Side-note from steipete that helps explain why the agent-tooling crowd is feeling this acutely: "I'm again rate limited on GitHub, but codex just opened the browser and clicks around GitHub as workaround" and follow-up "Will experiment with brunoborges/ghx since I constantly run into GitHub rate limit issues. ... Agents just HAMMER their API.". The agent era is genuinely breaking GitHub's API quotas.

Anthropic ships 50+ Claude Code fixes — recovery posture

After two weeks of Theo-level public souring, Anthropic answered with a release thread. @ClaudeDevs (RT'd by @bcherny):

"In the last four Claude Code CLI releases, we've shipped 50+ stability and performance fixes. Faster resume, stable auth, lower memory, fewer hangs."

Thariq adds detail on what's coming next (@trq212):

"we're doing a lot more of this, hunting down some of the most annoying bugs in Claude Code — let me know if you have any white whales"

Two specifics from his replies:

"a big part of this is we're working on making the no flicker renderer excellent so we can ship it as the default renderer"
"my white whale is when CC sometimes looks like it hangs during big file writes, I think we found it 😭" — i.e. the long-standing "is it frozen or just writing?" mystery may finally be fixed

Read this against yesterday's Theo blowup: Anthropic's response is "ship the unsexy reliability fixes and stop talking about pricing." Whether the user-perception flywheel actually reverses is the open question.

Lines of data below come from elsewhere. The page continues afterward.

Lemma sum_msg_llr_dev_sqr : \sum_y msg_prob m l y * llr_dev y ^+ 2 <= V * N%:R.
Proof.
pose g i u := ln (lratio m l i u) - div_noise (input m l i).
have q1 i : \sum_u Q (input m l i) u = 1 := sum_Q _.
have mean0 i : \sum_u Q (input m l i) u * g i u = 0.
  by rewrite /g; under eq_bigr do rewrite mulrBr; rewrite sumrB -mulr_suml q1 mul1r subrr.
have var_le i : \sum_u Q (input m l i) u * (g i u * g i u) <= div_noise_sqr (input m l i).
  have -> : \sum_u Q (input m l i) u * (g i u * g i u) =
      div_noise_sqr (input m l i) - div_noise (input m l i) ^+ 2.
    rewrite /g /lratio /div_noise_sqr; set x := input m l i.
    transitivity (\sum_u (Q x u * ln (Q x u / Q star u) ^+ 2
        - 2 * div_noise x * (Q x u * ln (Q x u / Q star u)) + div_noise x ^+ 2 * Q x u)).
      by apply: eq_bigr => u _; ring.
    by rewrite big_split sumrB /= -!mulr_sumr -/(div_noise x) sum_Q; ring.
  by rewrite lerBlDr lerDl sqr_ge0.
have E y : msg_prob m l y * llr_dev y ^+ 2 =
    \sum_(i < L) \sum_(j < L) msg_prob m l y * (g i (tnth y i) * g j (tnth y j)).
  by rewrite /llr_dev expr2 mulr_suml mulr_sumr; apply: eq_bigr => i _; rewrite !mulr_sumr.
have V0 : 0 <= V := le_trans (div_noise_sqr_ge0 star) (div_sqr_le star).
rewrite (eq_bigr _ (fun y _ => E y)) exchange_big /=.
apply: le_trans (sum_active_le V0); apply: ler_sum => i _.
rewrite exchange_big /= (bigD1 i) //= [X in _ + X]big1 ?addr0 => [|j ji]; last first.
  by rewrite (sum_tuple_prod_coord2 _ q1) 1?eq_sym // mean0 mul0r.
rewrite (sum_tuple_prod_coord _ q1 i (fun u => g i u * g i u)).
case: eqP => [e|_]; last by rewrite mulr1 (le_trans (var_le i)).
rewrite mulr0 big1 // => u _.
by rewrite /g (lratio_star _ e) ln1 e div_noise_star subrr !mulr0.
Qed.

(* Chebyshev's inequality for the log-likelihood ratio, whose mean is at most [N * D]. *)
Lemma tail_prob_le : tail_prob L m (expR (N%:R * (D + d))) l <= V * N%:R / (N%:R * d) ^+ 2.
Proof.
apply: le_trans (_ : \sum_y msg_prob m l y * (llr_dev y ^+ 2 / (N%:R * d) ^+ 2) <= _).
  by apply: ler_sum => y _; rewrite ler_wpM2l ?msg_prob_ge0 ?tail_indicator_le.
under eq_bigr do rewrite mulrA.
by rewrite -mulr_suml ler_wpM2r ?invr_ge0 ?sqr_ge0 ?sum_msg_llr_dev_sqr.
Qed.

End Chebyshev.

Lemma p_correct_ge0 m l n : 0 <= p_correct Q star C m l n.
Proof. by apply: sumr_ge0 => t _; apply: prodr_ge0 => p _; exact: Q_ge0. Qed.

Lemma sum_p_correct_le1 L m l : \sum_(n < L.+1) p_correct Q star C m l n <= 1.
Proof.
rewrite sum_p_correct -(sum_msg_prob L m l); apply: ler_sum => y _.
by rewrite ler_piMr ?msg_prob_ge0 ?decoded_le1.
Qed.

Section CorrectDecodingBound.
Variables (A L : nat) (D d V : R).
Hypotheses (A_gt0 : (0 < A)%N) (d_gt0 : 0 < d) (N_gt0 : (0 < N)%N).
Hypotheses (div_le : forall x, div_noise x <= D) (div_sqr_le : forall x, div_noise_sqr x <= V).

Lemma sum_p_correct_msg_le m :
  \sum_(1 <= l < A.+1) \sum_(n < L.+1) p_correct Q star C m l n <=
  A%:R * (5 / 4) * \sum_(y : L.-tuple Y) noise_prob y * decoded m y
  + 9 * (A%:R * (V * N%:R / (N%:R * d) ^+ 2)) + 8 * N%:R * expR (N%:R * (D + d)).
Proof.
set B := expR (N%:R * (D + d)); have B0 : 0 <= B by rewrite ltW ?expR_gt0.
under eq_bigr do rewrite sum_p_correct.
have tau0 : 0 < 1 / 4 :> R by [].
have g01 (y : L.-tuple Y) : 0 <= decoded m y <= 1 by rewrite decoded_ge0 decoded_le1.
apply: le_trans (change_of_measure L A m B A_gt0 B0 tau0 g01) _.
have tail_le : total_tail L A m B <= A%:R * (V * N%:R / (N%:R * d) ^+ 2).
  by rewrite -sumr_const_index1; apply: ler_sum => l _; apply: tail_prob_le.
have tail0 : 0 <= total_tail L A m B.
  by apply: sumr_ge0 => l _; apply: sumr_ge0 => y _; rewrite mulr_ge0 ?msg_prob_ge0.
rewrite natrM; move: (total_tail _ _ _ _) tail_le tail0 => t tle t0.
have -> : (B * (2%:R * N%:R) + 2 * t) / (1 / 4) = 8 * N%:R * B + 8 * t by field.
have -> : 1 + 1 / 4 = 5 / 4 :> R by field.
by rewrite -!addrA lerD2l; lra.
Qed.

Steipete: codex now reviews every commit landing on main

Today's most ambitious agent-pattern of the day, deployed live in OpenClaw:

"codex now runs on each commit we land, reviews it - and if a booboo is found, a new codex spins up and (if still relevant) makes a PR for the fix. Then a review agent spins up. If an issue is found, another agent will fix the issues. (up to 5 loops)" — @steipete

Earlier that night, the proof point: "I'm now spinning up a codex instance on every commit landing on main, looking for booboos (regressions, security issues). It's live for 10 min and already found one of mine."

This is the natural endgame of "AFK agents" — closing the loop end-to-end so reviews land as PRs without a human starting them. Up to 5 loops of fix-then-review-the-fix. Repo: github.com/openclaw/clawsweeper.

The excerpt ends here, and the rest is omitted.